School violence surge

2013-04-18 00:00

SCHOOLS in KwaZulu-Natal have managed to keep crime in check, but pupils continue to be at risk of violence in an environment that is assumed to be safe, say the authors of the National School Violence Study.

While almost half of the pupils in KZN are victims of theft, the major blight in the province is an increase of nearly five percent in cases of assault, the Centre for Justice and Crime Prevention found.

The first study, in 2008, found that 22% of secondary school pupils surveyed nationally had succumbed to some form of violence in the preceding 12 months.

The 2012 survey report, released yesterday, showed that 22,2% of high school pupils had been threatened with violence or been victims of assault, robbery and/or sexual assault at school in the previous year.

The authors of the study, which sampled 5 939 pupils, 121 principals and 239 teachers, found that, in KZN:

• The number of pupils assaulted had increased from 3,7% to 8,2% since 2008;

• Sexual assault victims increased from 3,8% to 3,9%;

• Victims of theft increased from 49,4% to 49,9%;

• Pupils threatened with violence decreased from 15,8% to 11,3%;

• Victims of robbery decreased to 3,7% from 4,1%.

The study found that violence at schools was not limited to pupils; it also involved teachers who were often victims of verbal violence (52,1%), physical violence (12,4%) and sexual violence (3,3%) perpetrated by pupils.

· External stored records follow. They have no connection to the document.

Lemma attach_weight_sum delta n ds : -1 < delta -> (1 <= n)%nat -> degree_seq n ds ->
  sumR (fun i => attach_weight delta (length ds) (nth i ds O)) (seq 0 (length ds)) = 1.
Proof.
  intros Hd Hn [Hlen [Hsum _]].
  assert (Hn' : 0 < INR n) by (apply lt_0_INR; lia).
  unfold attach_weight, Rdiv.
  rewrite (sumR_ext_in _ (fun i => / ((2 + delta) * INR (length ds)) *
                                   (INR (nth i ds O) + delta))) by (intros; ring).
  rewrite sumR_scale, (sumR_seq_nth (fun d => INR d + delta)), sumR_degree_weight.
  rewrite Hsum, Hlen, mult_INR. simpl (INR 2). field. lra.
Qed.

Lemma step_mean_const delta n ds c : -1 < delta -> (1 <= n)%nat -> degree_seq n ds ->
  step_mean delta (fun _ => c) ds = c.
Proof.
  intros Hd Hn Hds. unfold step_mean. rewrite (sumR_ext_in _ (fun i => c *
    attach_weight delta (length ds) (nth i ds O))) by (intros; ring).
  rewrite sumR_scale, (attach_weight_sum delta n) by assumption. ring.
Qed.

Lemma step_mean_N_gt delta n ds k : -1 < delta -> (1 <= n)%nat -> degree_seq n ds ->
  step_mean delta (N_gt (S k)) ds =
  (1 - attach_weight delta n (S k)) * N_gt (S k) ds + attach_weight delta n (S k) * N_gt k ds.
Proof.
  intros Hd Hn Hds. unfold step_mean.
  rewrite (sumR_ext_in _ (fun i => N_gt (S k) ds * attach_weight delta (length ds) (nth i ds O)
     + / ((2 + delta) * INR (length ds)) *
       ((fun d => (INR d + delta) * (if Nat.eq_dec d (S k) then 1 else 0)) (nth i ds O)))).
  2: { intros i Hi. apply in_seq in Hi.
       rewrite N_gt_app_1, N_gt_incr_at by lia. unfold attach_weight. field.
       destruct Hds as [<- _]. split; [apply not_0_INR; lia|lra]. }
  rewrite sumR_plus, sumR_scale, sumR_scale, (attach_weight_sum delta n) by assumption.
  rewrite (sumR_seq_nth (fun d => (INR d + delta) * (if Nat.eq_dec d (S k) then 1 else 0))).
  rewrite sumR_degree_weight_eq, (N_gt_pred k).
  destruct Hds as [-> _]. unfold attach_weight, Rdiv. ring.
Qed.

Lemma expectation_one delta m : -1 < delta -> expectation (modelA_law delta m) (fun _ => 1) = 1.
Proof.
  intros Hd. induction m as [|m IH]; [simpl; ring|].
  simpl modelA_law. rewrite expectation_step. rewrite <- IH at 1.
  apply expectation_ext_in. intros o Ho.
  apply (step_mean_const delta (S m)); [exact Hd|lia|].
  exact (modelA_law_degree_seq _ _ _ Ho).
Qed.

Lemma expectation_N_gt_succ delta m k : -1 < delta ->
  expectation (modelA_law delta (S m)) (N_gt (S k)) =
  (1 - attach_weight delta (S m) (S k)) * expectation (modelA_law delta m) (N_gt (S k)) +
  attach_weight delta (S m) (S k) * expectation (modelA_law delta m) (N_gt k).
Proof.
  intros Hd. simpl modelA_law.
  rewrite expectation_step, <- !expectation_scale, <- expectation_plus.
  apply expectation_ext_in. intros o Ho.
  apply step_mean_N_gt; [exact Hd|lia|exact (modelA_law_degree_seq _ _ _ Ho)].
Qed.

Lemma expectation_N_gt_0 delta m : -1 < delta ->
  expectation (modelA_law delta m) (N_gt 0) = INR (S m).
Proof.
  intros Hd. rewrite <- (Rmult_1_r (INR (S m))), <- (expectation_one delta m Hd),
    <- expectation_scale.
  apply expectation_ext_in. intros o Ho.
  destruct (modelA_law_degree_seq _ _ _ Ho) as [Hlen [_ Hdeg]].
  rewrite N_gt_0, Hlen; [ring|]. eapply Forall_impl; [|exact Hdeg]. simpl; lia.
Qed.

Lemma expectation_N_gt_above delta m k : (S (S m) <= k)%nat ->
  expectation (modelA_law delta m) (N_gt k) = 0.
Proof.
  intros Hk. rewrite <- (Rmult_0_l (expectation (modelA_law delta m) (fun _ => 0))),
    <- expectation_scale.
  apply expectation_ext_in. intros o Ho.
  destruct (modelA_law_degree_seq _ _ _ Ho) as [_ [_ Hdeg]].
  rewrite N_gt_above; [ring|]. eapply Forall_impl; [|exact Hdeg]. simpl; lia.
Qed.

Lemma p_gt_pos delta k : -1 < delta -> 0 < p_gt delta k.
Proof.
  intros Hd. induction k as [|k IH]; simpl; [lra|].
  pose proof (pos_INR k). apply Rmult_lt_0_compat; [exact IH|apply Rdiv_lt_0_compat; lra].
Qed.

Lemma p_gt_mul_succ_le delta k : -1 < delta -> INR (S k) * p_gt delta k <= 1.
Proof.
  intros Hd. induction k as [|k IH]; [simpl; lra|].
  pose proof (pos_INR k). pose proof (p_gt_pos delta k Hd).
  rewrite S_INR in *. simpl p_gt. rewrite S_INR.
  assert (Hratio : (INR k + 1 + 1) * ((1 + delta + INR k) / (3 + 2 * delta + INR k))
                   <= INR k + 1).
  { apply Rmult_le_reg_r with (3 + 2 * delta + INR k); [lra|].
    unfold Rdiv. rewrite Rmult_assoc, (Rmult_assoc (1 + delta + INR k)), Rinv_l by lra.
    nra. }
  nra.
Qed.

Lemma p_gt_mul_le delta n k : -1 < delta -> (n <= S k)%nat -> 0 <= INR n * p_gt delta k <= 1.
Proof.
  intros Hd Hn. pose proof (p_gt_pos delta k Hd). pose proof (p_gt_mul_succ_le delta k Hd).
  assert (INR n <= INR (S k)) by (apply le_INR; exact Hn). pose proof (pos_INR n). nra.
Qed.

Lemma p_gt_recursion delta n k : -1 < delta -> (1 <= n)%nat ->
  INR (S n) * p_gt delta (S k) =
  (1 - attach_weight delta n (S k)) * (INR n * p_gt delta (S k)) +
  attach_weight delta n (S k) * (INR n * p_gt delta k).
Proof.
  intros Hd Hn. assert (0 < INR n) by (apply lt_0_INR; lia). pose proof (pos_INR k).
  unfold attach_weight. simpl p_gt. rewrite !S_INR. field. lra.
Qed.

Lemma Rabs_convex_le t a b c : 0 <= t <= 1 -> Rabs a <= c -> Rabs b <= c ->
  Rabs ((1 - t) * a + t * b) <= c.
Proof.
  intros Ht Ha Hb. eapply Rle_trans; [apply Rabs_triang|].
  rewrite !Rabs_mult, (Rabs_pos_eq t), (Rabs_pos_eq (1 - t)) by lra. nra.
Qed.

Lemma expectation_N_gt_error delta m k : -1 < delta ->
  Rabs (expectation (modelA_law delta m) (N_gt k) - INR (S m) * p_gt delta k) <= 1.
Proof.
  intros Hd. revert k; induction m as [|m IH]; intros k.
  - pose proof (p_gt_mul_le delta 1 k Hd ltac:(lia)).
    apply Rabs_le. unfold expectation, N_gt. simpl.
    destruct (Nat.ltb k 2); simpl in *; lra.
  - destruct k as [|k].
    + rewrite expectation_N_gt_0 by exact Hd. simpl p_gt.
      rewrite Rmult_1_r, Rminus_diag, Rabs_R0. lra.
    + destruct (le_lt_dec k (S m)) as [Hsmall|Hlarge].
      * rewrite expectation_N_gt_succ, p_gt_recursion by (exact Hd || lia).
        set (w := attach_weight delta (S m) (S k)).
        replace (_ - _) with
          ((1 - w) * (expectation (modelA_law delta m) (N_gt (S k)) - INR (S m) * p_gt delta (S k))
           + w * (expectation (modelA_law delta m) (N_gt k) - INR (S m) * p_gt delta k)) by ring.
        apply Rabs_convex_le; [apply attach_weight_bounds; lia || exact Hd | apply IH..].
      * rewrite expectation_N_gt_above by lia.
        pose proof (p_gt_mul_le delta (S (S m)) (S k) Hd ltac:(lia)).
        apply Rabs_le. lra.
Qed.

Theorem mainTheorem7 (delta : R) (hdelta : -1 < delta) :
  exists C' : R, 0 < C' /\
    forall n k : nat, (1 <= n)%nat -> (1 <= k)%nat ->
      Rabs (expect delta n (N_gt k) - INR n * p_gt delta k) <= C'.
Proof.
  exists 1. split; [lra|]. intros [|m] k Hn _; [lia|].
  unfold expect. replace (S m - 1)%nat with m by lia.
  exact (expectation_N_gt_error delta m k hdelta).
Qed.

Violence was significantly more prevalent in schools in urban areas (26,2%) compared to those in metropolitan (21,7%) and rural areas (20,8%).

Sexual harassment, sexual assault and rape were experienced more by female pupils, while boys experienced higher levels of physical assault.

Assault was most common in the Western Cape (9,2%), the North West (9,6%) and KwaZulu-Natal (8,2%).

In the case of sexual assaults, the Northern Cape had the highest levels of reported cases (11,2%), followed by the Free State and the Western Cape (both 9,2%).

Although property-related crimes, particularly theft, were frequently reported across all provinces, the rates were highest in Mpumalanga (64,1%), the Eastern Cape (55,9%) and the Free State (52%).

KZN Education Department head Dr Nkosinathi Sishi said violence at schools was a reflection of what was happening in society.

“You can’t look at violence at schools and not look at the society the children come from.”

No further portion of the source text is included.